Computer Science Challenges

There are three principal objectives associated with the computer science that constitutes a complementary, enabling part of this project. The first goal is the development and refinement of an object-oriented tensor library, both for the traditional real matrices associated with theories of bound excited states, and for the complex matrices that naturally arise in treating resonance states. This goal is needed to permit the efficient implementation of the methods discussed in the three chemical sciences objectives, within a unified framework that is immensely easier and more extensible than a procedural approach. The second goal is to exploit this extensibility by parallelizing the tensor library using a distributed hybrid approach (MPI+threads) that is targeted for deployment on leadership class computers (but is also flexible enough to perform well on mid-range clusters). This is necessary to enable achievement of the application goals that are targeted for bound and resonance excited states. The third computer science goal is the distribution and propagation of the software that is developed under this work, both as an open source library for developers, and also as a significant update to a widely used, fully integrated simulation package for end-users of the application.
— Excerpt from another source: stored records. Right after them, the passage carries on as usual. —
(* For every integer $n\ge 4$, \[ R_n(x)=\begin{cases} xR_{n-1}(x)+R_{n-2}(x), & \text{if } n \text{ is odd},\\ R_{n-1}(x)+x^2R_{n-2}(x), & \text{if } n \text{ is even}.\end{cases} \]
   Context: For $n\ge1$ let $\Xi_n$ (the $L$-fence) be the poset on $\{x_1,\dots,x_n\}$ whose cover relations are exactly: $x_2\prec x_1$, $x_3\prec x_2$, and for $3\le i\le n-1$, $x_i\prec x_{i+1}$ if $i$ is odd and $x_{i+1}\prec x_i$ if $i$ is even (so $x_1>x_2>x_3<x_4>x_5<\cdots$). A filter of a poset $P$ is a subset $F$ with $x\in F$, $x\le y\Rightarrow y\in F$. $\Omega_n$ is the lattice of filters of $\Xi_n$ ordered by reverse inclusion; $\Omega_0$ is the one-element lattice. The rank generating function of $\Omega_n$ is $R_n(x)=\sum_{F\in\Omega_n}x^{\,n-|F|}$, with $R_0(x)=1$. *)

From mathcomp Require Import all_boot all_order all_algebra.
Unset Strict Implicit. Unset Printing Implicit Defensive.
Import GRing.Theory.
Local Open Scope ring_scope.

(* The element a : 'I_n of the L-fence represents x_(a+1).
   fence_cov n a b  <=>  x_(a+1) is covered by x_(b+1)  (x_(a+1) ≺ x_(b+1)). *)
Definition fence_cov (n : nat) : rel 'I_n := fun a b =>
  let i := (a + 1)%N in let j := (b + 1)%N in
  [|| (i == 2) && (j == 1),
      (i == 3) && (j == 2),
      [&& (3 <= i)%N, j == i.+1 & odd i]
    | [&& (3 <= j)%N, i == j.+1 & ~~ odd j] ].

Definition fence_le (n : nat) : rel 'I_n := connect (fence_cov n).

Definition is_filter (n : nat) (F : {set 'I_n}) : bool :=
  [forall x : 'I_n, forall y : 'I_n, (x \in F) && fence_le n x y ==> (y \in F)].

Definition rankGF (n : nat) : {poly int} :=
  \sum_(F : {set 'I_n} | is_filter n F) 'X^(n - #|F|).

From mathcomp Require Import all_boot all_order all_algebra.
From mathcomp Require Import zify.
Import GRing.Theory.
Local Open Scope ring_scope.
Set Implicit Arguments.

(* Filters of Xi_(m+2) are the filters of Xi_(m+1), each with or without x_(m+2),
   subject only to the cover between x_(m+1) and x_(m+2).  Splitting R_(m+2) by
   membership of x_(m+2) thus gives, for each choice, either all of R_(m+1) or the
   part of it where x_(m+1) makes the same choice, times x when x_(m+2) is omitted.
   Since the covers alternate in direction, two such steps yield the recurrences. *)

Lemma is_filterP n (F : {set 'I_n}) :
  reflect (forall a b, fence_cov n a b -> a \in F -> b \in F) (is_filter n F).
Proof.
apply: (iffP forallP) => [H a b ab aF | H x].
  by have /forallP/(_ b)/implyP := H a; apply; rewrite aF /fence_le connect1.
apply/forallP => y; apply/implyP => /andP[xF /connectP[p pth ->]].
elim: p x xF pth => //= z p IH x xF /andP[xz pth].
exact: IH (H _ _ xz xF) pth.
Qed.

Lemma fence_cov_irr n (a : 'I_n) : fence_cov n a a = false.
Proof.
by rewrite /fence_cov; case: eqP => [->|_] //=; rewrite !(ltn_eqF (ltnSn _)) !andbF.
Qed.

Lemma neq_ord_max_lt m (a : 'I_m.+1) : a != ord_max -> (a < m)%N.
Proof.
rewrite ltn_neqAle -ltnS ltn_ord andbT => ne.
by apply: contraNneq ne => e; apply/eqP; exact: val_inj.
Qed.

(* With 0-based indices, [ord_max : 'I_m.+2] is x_(m+2); [fence_rises m] says that
   x_(m+1) is covered by x_(m+2), and otherwise x_(m+2) is covered by x_(m+1). *)
Definition fence_rises (m : nat) : bool := odd m.+1 && (3 <= m.+1)%N.

Lemma fence_cov_lift m (a b : 'I_m.+1) :
  fence_cov m.+2 (lift ord_max a) (lift ord_max b) = fence_cov m.+1 a b.
Proof. by rewrite /fence_cov !lift_max. Qed.

Lemma fence_cov_lift_max m (a : 'I_m.+1) :
  fence_cov m.+2 (lift ord_max a) ord_max = (a == ord_max) && fence_rises m.
Proof.
rewrite /fence_cov lift_max /= /fence_rises !addn1.
case: (eqVneq a ord_max) => [-> {a}|/neq_ord_max_lt a_lt_m] /=.
  by case: m => [|[|m]] //=; case: (odd m) => /=; lia.
lia.
Qed.

Lemma fence_cov_max_lift m (a : 'I_m.+1) :
  fence_cov m.+2 ord_max (lift ord_max a) = (a == ord_max) && ~~ fence_rises m.
Proof.
rewrite /fence_cov lift_max /= /fence_rises !addn1.
case: (eqVneq a ord_max) => [-> {a}|/neq_ord_max_lt a_lt_m] /=.
  by case: m => [|[|m]] //=; case: (odd m) => /=; lia.
lia.
Qed.

Definition set_ext n (S : {set 'I_n}) (b : bool) : {set 'I_n.+1} :=
  [set i | if unlift ord_max i is Some j then j \in S else b].

Definition set_res n (F : {set 'I_n.+1}) : {set 'I_n} := [set j | lift ord_max j \in F].

Lemma in_set_ext_lift n (S : {set 'I_n}) b (j : 'I_n) :
  (lift ord_max j \in set_ext S b) = (j \in S).
Proof. by rewrite inE liftK. Qed.

Lemma in_set_ext_max n (S : {set 'I_n}) (b : bool) : (ord_max \in set_ext S b) = b.
Proof. by rewrite inE unlift_none. Qed.

Lemma set_resK n b : cancel (@set_ext n ^~ b) (@set_res n).
Proof. by move=> S; apply/setP => j; rewrite inE in_set_ext_lift. Qed.

Lemma set_extK n (F : {set 'I_n.+1}) : set_ext (set_res F) (ord_max \in F) = F.
Proof.
by apply/setP => i; rewrite inE; case: unliftP => [j ->|->]; rewrite ?inE.
Qed.

Lemma card_set_ext n (S : {set 'I_n}) (b : bool) : #|set_ext S b| = (#|S| + b)%N.
Proof.
rewrite (cardD1 ord_max) in_set_ext_max addnC; congr (_ + _)%N.
rewrite -(card_imset S (@lift_inj _ ord_max)); apply: eq_card => i.
rewrite !inE; case: unliftP => [j ->|->].
  by rewrite eq_sym neq_lift mem_imset //; exact: lift_inj.
by rewrite eqxx; apply/esym/imsetP => -[j _ /eqP]; rewrite (negbTE (neq_lift _ _)).
Qed.

(* The only new cover joins x_(m+1) and x_(m+2): adding x_(m+2) above x_(m+1), or
   omitting it below x_(m+1), is always allowed; otherwise x_(m+1) must follow suit. *)
Lemma is_filter_ext m (S : {set 'I_m.+1}) b :
  is_filter m.+2 (set_ext S b) =
  is_filter m.+1 S && ((fence_rises m == b) || ((ord_max \in S) == b)).
Proof.
apply/is_filterP/andP => [H | [/is_filterP HS ok] c d].
  split.
    apply/is_filterP => a c ac; have := H (lift ord_max a) (lift ord_max c).
    by rewrite fence_cov_lift !in_set_ext_lift; apply.
  case: b H => H; rewrite ?eqb_id ?eqbF_neg; case: (boolP (fence_rises m)) => //= rises.
  - have := H ord_max (lift ord_max ord_max).
    by rewrite fence_cov_max_lift eqxx rises in_set_ext_max in_set_ext_lift; apply.
  - have := H (lift ord_max ord_max) ord_max.
    rewrite fence_cov_lift_max eqxx rises in_set_ext_max in_set_ext_lift => notS.
    by apply/negP => /(notS isT).
case: (unliftP ord_max c) => [a ->|->]; case: (unliftP ord_max d) => [e ->|->];
  rewrite ?fence_cov_lift ?fence_cov_lift_max ?fence_cov_max_lift ?fence_cov_irr //
          ?in_set_ext_lift ?in_set_ext_max.
- exact: HS.
- by case/andP => /eqP-> rises aS; move: ok; rewrite rises aS; case: b.
- by case/andP => /eqP-> /negPf rises bT; move: ok; rewrite rises bT; case: (_ \in S).
Qed.

Definition rankGF_max (n : nat) (b : bool) : {poly int} :=
  \sum_(F : {set 'I_n.+1} | is_filter n.+1 F && ((ord_max \in F) == b)) 'X^(n.+1 - #|F|).

Lemma rankGF_split n : rankGF n.+1 = rankGF_max n true + rankGF_max n false.
Proof.
rewrite /rankGF (bigID (fun F : {set 'I_n.+1} => ord_max \in F)) /=.
by congr (_ + _); apply: eq_bigl => F; rewrite ?eqb_id ?eqbF_neg.
Qed.

Lemma rankGF_max_rec m b : rankGF_max m.+1 b =
  'X^(~~ b) * (if fence_rises m == b then rankGF m.+1 else rankGF_max m b).
Proof.
have weight (S : {set 'I_m.+1}) :
    'X^(m.+2 - #|set_ext S b|) = 'X^(~~ b) * 'X^(m.+1 - #|S|) :> {poly int}.
  rewrite card_set_ext -exprD; have := max_card S; rewrite card_ord.
  by case: b => /= le; congr 'X^_; lia.
rewrite /rankGF_max.
rewrite (reindex_onto (fun S : {set 'I_m.+1} => set_ext S b) (@set_res m.+1)) /=; last first.
  by move=> F /andP[_ /eqP <-]; exact: set_extK.
under eq_bigl => S do rewrite is_filter_ext in_set_ext_max set_resK !eqxx !andbT.
under eq_bigr => S _ do rewrite weight.
rewrite -mulr_sumr; case: (fence_rises m == b) => //=.
by congr (_ * _); apply: eq_bigl => S; rewrite andbT.
Qed.

Theorem mainTheorem2 (n : nat) : (4 <= n)%N ->
  rankGF n = if odd n then 'X * rankGF n.-1 + rankGF n.-2
             else rankGF n.-1 + 'X^2 * rankGF n.-2.
Proof.
move=> n_ge4; have [k ->] : exists k, n = k.+4 by exists (n - 4)%N; lia.
rewrite rankGF_split !rankGF_max_rec /= /fence_rises /= !negbK.
rewrite !expr0 !expr1 !mul1r; case: (boolP (odd k)) => [k_odd | k_even] /=.
- have -> : (2 < k.+2)%N by case: k k_odd.
  by rewrite addrC.
- by rewrite mulrA -expr2.
Qed.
Applied mathematics challenges

There are also three principal objectives associated with applied mathematics that underpin these excited state methods, and also underpin the tensor libraries used to implement them. First is the exploration and implementation of rank reduction and compression schemes for the tensors that arise in excited state electronic structure calculations, and their use to develop reduced scaling excited state methods. This development in the framework of the tensor library will permit the new implementations that have much lower scaling of computational cost with molecular size, without affecting high-level codes. The second objective is the deployment of optimally efficient eigensolvers for the symmetric real eigenvalue problems that yield bound excited state energies, and the extension and development of eigensolvers for the complex eigenvalue problems that arise in treating resonance states. These developments are needed to permit efficient implementation of both classes of method. The third objective is the deployment and further development of robust linear solvers and effective preconditioners to underpin the iterative eigensolvers discussed above. This development is necessary to ensure overall efficiency of the excited state simulation methods developed here.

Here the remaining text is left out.